▶ WHAT YOU WILL DO:
Give again, word for word, each line below starting at the one that contains "by exists [:: p;" and ending at the one that contains "Variables a b : nat.".

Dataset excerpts
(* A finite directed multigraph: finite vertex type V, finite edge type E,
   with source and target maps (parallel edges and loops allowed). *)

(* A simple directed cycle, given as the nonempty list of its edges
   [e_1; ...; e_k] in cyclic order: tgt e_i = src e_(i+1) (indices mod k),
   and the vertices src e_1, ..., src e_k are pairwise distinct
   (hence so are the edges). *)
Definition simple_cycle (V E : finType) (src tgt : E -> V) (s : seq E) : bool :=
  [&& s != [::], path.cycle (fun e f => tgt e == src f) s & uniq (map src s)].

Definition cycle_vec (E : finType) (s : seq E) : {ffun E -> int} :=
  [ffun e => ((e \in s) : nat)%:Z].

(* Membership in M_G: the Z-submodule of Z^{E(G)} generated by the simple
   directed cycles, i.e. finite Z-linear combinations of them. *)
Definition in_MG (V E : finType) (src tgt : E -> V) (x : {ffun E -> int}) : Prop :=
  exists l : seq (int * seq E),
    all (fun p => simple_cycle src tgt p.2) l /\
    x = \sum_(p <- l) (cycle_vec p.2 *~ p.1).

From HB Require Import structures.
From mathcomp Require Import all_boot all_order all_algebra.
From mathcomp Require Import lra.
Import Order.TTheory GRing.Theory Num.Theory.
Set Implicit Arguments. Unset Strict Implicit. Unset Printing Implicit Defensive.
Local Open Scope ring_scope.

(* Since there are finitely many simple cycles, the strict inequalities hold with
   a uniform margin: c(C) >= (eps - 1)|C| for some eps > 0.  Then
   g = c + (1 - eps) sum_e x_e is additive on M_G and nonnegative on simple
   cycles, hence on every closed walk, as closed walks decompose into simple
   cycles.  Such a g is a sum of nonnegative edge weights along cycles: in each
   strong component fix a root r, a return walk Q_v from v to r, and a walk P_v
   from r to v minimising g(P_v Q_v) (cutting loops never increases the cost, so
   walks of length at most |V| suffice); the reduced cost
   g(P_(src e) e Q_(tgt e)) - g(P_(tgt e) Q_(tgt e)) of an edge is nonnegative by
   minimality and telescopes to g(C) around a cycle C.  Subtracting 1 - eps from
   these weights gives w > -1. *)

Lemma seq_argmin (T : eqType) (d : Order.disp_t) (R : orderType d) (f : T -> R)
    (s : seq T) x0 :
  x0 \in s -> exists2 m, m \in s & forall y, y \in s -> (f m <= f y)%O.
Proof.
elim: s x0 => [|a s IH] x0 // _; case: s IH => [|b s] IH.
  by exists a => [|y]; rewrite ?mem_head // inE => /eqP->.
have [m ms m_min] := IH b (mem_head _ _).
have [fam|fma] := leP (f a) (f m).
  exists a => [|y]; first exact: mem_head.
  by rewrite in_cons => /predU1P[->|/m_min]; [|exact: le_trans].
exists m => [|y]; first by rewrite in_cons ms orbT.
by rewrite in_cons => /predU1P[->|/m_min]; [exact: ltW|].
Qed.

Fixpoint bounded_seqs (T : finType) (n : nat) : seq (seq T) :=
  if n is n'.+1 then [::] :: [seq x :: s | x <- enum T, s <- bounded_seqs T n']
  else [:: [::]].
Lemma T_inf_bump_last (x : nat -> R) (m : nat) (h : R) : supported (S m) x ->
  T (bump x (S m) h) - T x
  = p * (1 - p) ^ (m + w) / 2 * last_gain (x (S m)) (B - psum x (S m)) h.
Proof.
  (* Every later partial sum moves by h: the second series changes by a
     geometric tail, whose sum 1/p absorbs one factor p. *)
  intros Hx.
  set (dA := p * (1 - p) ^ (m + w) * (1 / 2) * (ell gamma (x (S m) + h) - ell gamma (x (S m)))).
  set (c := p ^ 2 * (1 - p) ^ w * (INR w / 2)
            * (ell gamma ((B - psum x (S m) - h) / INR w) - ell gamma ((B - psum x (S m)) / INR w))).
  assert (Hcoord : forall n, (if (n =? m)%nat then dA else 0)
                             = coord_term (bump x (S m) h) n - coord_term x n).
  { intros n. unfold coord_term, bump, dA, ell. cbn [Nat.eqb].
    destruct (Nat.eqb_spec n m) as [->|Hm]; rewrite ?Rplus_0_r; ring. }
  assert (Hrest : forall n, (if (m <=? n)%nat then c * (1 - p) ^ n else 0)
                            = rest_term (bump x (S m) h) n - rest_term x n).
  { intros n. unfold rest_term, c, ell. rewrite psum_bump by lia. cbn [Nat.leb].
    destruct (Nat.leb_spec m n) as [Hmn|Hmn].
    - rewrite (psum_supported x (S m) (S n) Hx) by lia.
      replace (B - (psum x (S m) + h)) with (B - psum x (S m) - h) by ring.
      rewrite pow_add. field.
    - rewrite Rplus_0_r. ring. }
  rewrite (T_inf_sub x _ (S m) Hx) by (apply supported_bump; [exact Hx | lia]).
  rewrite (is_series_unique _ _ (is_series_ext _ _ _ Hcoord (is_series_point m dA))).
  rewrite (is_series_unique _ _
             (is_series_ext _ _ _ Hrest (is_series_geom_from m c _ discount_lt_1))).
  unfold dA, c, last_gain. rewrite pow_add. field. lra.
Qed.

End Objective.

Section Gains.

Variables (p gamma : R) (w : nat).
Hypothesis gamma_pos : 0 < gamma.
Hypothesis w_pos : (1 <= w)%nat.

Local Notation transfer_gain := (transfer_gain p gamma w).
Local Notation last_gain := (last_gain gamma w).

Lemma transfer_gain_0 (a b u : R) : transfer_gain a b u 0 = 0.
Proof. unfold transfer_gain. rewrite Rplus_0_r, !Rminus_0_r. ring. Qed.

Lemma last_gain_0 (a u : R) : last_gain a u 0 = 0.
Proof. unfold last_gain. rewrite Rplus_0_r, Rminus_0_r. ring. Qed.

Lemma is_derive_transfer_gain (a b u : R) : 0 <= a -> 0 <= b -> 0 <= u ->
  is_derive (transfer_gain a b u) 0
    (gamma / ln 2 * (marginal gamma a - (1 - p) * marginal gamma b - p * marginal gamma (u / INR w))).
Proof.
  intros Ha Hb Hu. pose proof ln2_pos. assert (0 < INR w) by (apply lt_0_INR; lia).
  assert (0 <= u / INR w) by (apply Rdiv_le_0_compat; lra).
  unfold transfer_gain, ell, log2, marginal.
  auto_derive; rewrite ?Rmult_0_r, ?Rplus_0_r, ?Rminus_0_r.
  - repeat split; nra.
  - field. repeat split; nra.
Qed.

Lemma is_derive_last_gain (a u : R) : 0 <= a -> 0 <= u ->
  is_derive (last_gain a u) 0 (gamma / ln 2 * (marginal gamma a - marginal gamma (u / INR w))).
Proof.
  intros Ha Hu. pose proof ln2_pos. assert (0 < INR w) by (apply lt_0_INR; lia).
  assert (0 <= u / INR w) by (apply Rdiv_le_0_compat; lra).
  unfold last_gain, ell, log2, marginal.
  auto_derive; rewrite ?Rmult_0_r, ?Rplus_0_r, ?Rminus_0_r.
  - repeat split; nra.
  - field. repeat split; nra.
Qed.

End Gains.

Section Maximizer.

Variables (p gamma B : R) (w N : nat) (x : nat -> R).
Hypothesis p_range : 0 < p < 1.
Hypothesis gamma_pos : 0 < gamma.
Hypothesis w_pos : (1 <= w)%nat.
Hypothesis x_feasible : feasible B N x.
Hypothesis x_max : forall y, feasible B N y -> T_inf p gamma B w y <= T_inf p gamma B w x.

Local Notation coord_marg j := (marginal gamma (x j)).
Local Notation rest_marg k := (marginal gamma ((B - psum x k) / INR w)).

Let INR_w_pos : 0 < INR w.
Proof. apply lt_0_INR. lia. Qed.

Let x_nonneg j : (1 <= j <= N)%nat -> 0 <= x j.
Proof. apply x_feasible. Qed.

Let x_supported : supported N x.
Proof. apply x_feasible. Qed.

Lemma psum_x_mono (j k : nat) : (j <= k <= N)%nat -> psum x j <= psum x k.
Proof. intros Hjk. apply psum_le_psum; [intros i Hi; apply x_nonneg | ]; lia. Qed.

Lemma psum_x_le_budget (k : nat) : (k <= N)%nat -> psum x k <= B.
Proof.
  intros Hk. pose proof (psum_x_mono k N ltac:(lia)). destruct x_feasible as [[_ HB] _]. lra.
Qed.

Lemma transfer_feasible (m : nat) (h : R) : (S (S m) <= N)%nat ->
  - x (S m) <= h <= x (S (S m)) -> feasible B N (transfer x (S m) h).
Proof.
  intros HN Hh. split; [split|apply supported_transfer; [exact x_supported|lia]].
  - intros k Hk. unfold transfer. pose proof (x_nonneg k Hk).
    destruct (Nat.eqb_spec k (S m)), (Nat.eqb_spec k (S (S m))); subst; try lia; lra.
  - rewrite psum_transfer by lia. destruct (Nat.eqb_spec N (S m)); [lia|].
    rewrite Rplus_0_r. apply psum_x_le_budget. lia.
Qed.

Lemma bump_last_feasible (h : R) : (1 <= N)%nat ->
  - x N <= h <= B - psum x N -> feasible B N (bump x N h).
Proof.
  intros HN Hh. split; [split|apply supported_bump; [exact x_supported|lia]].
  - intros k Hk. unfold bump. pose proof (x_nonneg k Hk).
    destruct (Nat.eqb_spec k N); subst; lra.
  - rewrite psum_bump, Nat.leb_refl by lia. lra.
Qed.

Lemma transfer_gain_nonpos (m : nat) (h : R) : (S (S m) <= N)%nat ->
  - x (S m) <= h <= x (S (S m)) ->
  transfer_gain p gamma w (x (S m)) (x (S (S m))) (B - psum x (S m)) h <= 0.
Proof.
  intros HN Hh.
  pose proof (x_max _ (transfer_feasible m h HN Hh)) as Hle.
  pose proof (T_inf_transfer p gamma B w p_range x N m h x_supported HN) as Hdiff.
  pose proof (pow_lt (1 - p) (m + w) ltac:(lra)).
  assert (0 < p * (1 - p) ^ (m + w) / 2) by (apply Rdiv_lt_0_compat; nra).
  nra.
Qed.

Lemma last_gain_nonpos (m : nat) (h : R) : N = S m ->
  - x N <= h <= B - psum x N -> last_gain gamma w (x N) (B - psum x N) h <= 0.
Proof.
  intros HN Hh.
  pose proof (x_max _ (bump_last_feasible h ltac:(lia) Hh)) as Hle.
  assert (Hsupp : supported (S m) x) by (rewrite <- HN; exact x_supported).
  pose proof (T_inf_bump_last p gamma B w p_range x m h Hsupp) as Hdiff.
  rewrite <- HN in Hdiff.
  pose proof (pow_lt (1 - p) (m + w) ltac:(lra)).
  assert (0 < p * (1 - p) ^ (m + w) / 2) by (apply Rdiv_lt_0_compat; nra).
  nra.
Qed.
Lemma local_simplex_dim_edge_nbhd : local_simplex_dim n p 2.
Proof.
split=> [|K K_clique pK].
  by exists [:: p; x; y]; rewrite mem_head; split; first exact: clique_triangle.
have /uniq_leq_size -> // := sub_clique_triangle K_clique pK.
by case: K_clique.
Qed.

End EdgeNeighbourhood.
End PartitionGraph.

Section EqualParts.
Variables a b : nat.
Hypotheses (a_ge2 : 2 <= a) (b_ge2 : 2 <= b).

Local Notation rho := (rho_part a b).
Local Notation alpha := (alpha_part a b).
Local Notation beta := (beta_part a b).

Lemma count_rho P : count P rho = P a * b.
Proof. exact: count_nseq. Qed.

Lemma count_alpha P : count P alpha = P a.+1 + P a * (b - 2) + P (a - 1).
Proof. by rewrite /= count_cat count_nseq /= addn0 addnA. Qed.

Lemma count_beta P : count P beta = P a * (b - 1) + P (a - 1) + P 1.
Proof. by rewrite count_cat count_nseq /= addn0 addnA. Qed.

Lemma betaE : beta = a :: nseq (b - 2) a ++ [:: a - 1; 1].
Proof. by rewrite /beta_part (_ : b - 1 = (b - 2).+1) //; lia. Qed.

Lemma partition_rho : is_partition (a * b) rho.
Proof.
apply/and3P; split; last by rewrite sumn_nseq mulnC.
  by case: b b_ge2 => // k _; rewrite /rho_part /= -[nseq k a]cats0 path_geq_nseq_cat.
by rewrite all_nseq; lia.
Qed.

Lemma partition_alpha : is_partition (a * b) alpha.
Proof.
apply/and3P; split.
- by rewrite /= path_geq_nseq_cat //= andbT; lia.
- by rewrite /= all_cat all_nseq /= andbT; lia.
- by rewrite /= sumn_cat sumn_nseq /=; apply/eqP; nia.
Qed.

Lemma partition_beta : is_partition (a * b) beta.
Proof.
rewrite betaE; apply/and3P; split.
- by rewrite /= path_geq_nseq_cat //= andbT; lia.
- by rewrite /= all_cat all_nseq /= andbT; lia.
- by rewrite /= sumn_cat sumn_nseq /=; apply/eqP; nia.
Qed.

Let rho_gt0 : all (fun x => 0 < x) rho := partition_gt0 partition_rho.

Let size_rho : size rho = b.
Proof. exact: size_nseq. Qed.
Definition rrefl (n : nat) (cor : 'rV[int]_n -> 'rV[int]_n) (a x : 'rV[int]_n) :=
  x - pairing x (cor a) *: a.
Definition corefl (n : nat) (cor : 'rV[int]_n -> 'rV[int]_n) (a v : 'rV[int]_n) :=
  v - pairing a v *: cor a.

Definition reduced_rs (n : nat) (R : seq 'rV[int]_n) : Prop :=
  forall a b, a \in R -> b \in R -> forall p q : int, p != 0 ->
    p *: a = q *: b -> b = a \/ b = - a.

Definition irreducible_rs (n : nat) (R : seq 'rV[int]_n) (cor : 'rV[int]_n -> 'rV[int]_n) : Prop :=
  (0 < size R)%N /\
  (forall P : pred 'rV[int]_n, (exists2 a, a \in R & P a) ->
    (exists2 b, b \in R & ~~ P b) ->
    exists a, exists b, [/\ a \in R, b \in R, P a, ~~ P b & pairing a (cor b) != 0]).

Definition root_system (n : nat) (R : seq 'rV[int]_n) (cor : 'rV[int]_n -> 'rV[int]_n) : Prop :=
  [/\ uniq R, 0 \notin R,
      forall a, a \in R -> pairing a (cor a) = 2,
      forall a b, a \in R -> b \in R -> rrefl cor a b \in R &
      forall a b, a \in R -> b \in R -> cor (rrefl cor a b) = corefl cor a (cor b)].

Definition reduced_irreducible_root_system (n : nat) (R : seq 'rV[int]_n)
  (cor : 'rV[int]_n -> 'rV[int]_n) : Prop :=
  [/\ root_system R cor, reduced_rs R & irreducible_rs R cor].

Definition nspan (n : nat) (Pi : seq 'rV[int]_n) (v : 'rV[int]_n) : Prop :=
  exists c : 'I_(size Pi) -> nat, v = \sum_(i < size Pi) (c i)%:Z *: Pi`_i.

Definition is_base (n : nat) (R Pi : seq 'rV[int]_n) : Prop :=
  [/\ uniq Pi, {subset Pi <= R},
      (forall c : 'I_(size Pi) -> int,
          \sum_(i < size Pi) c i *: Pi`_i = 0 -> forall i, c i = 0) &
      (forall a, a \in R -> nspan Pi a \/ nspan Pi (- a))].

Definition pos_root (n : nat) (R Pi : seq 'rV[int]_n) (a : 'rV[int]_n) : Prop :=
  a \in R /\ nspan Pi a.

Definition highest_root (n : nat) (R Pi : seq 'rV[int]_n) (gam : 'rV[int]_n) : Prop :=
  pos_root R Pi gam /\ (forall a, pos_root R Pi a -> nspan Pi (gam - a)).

▶ THE COMPLETED TASK:
  by exists [:: p; x; y]; rewrite mem_head; split; first exact: clique_triangle.
have /uniq_leq_size -> // := sub_clique_triangle K_clique pK.
by case: K_clique.
Qed.

End EdgeNeighbourhood.
End PartitionGraph.

Section EqualParts.
Variables a b : nat.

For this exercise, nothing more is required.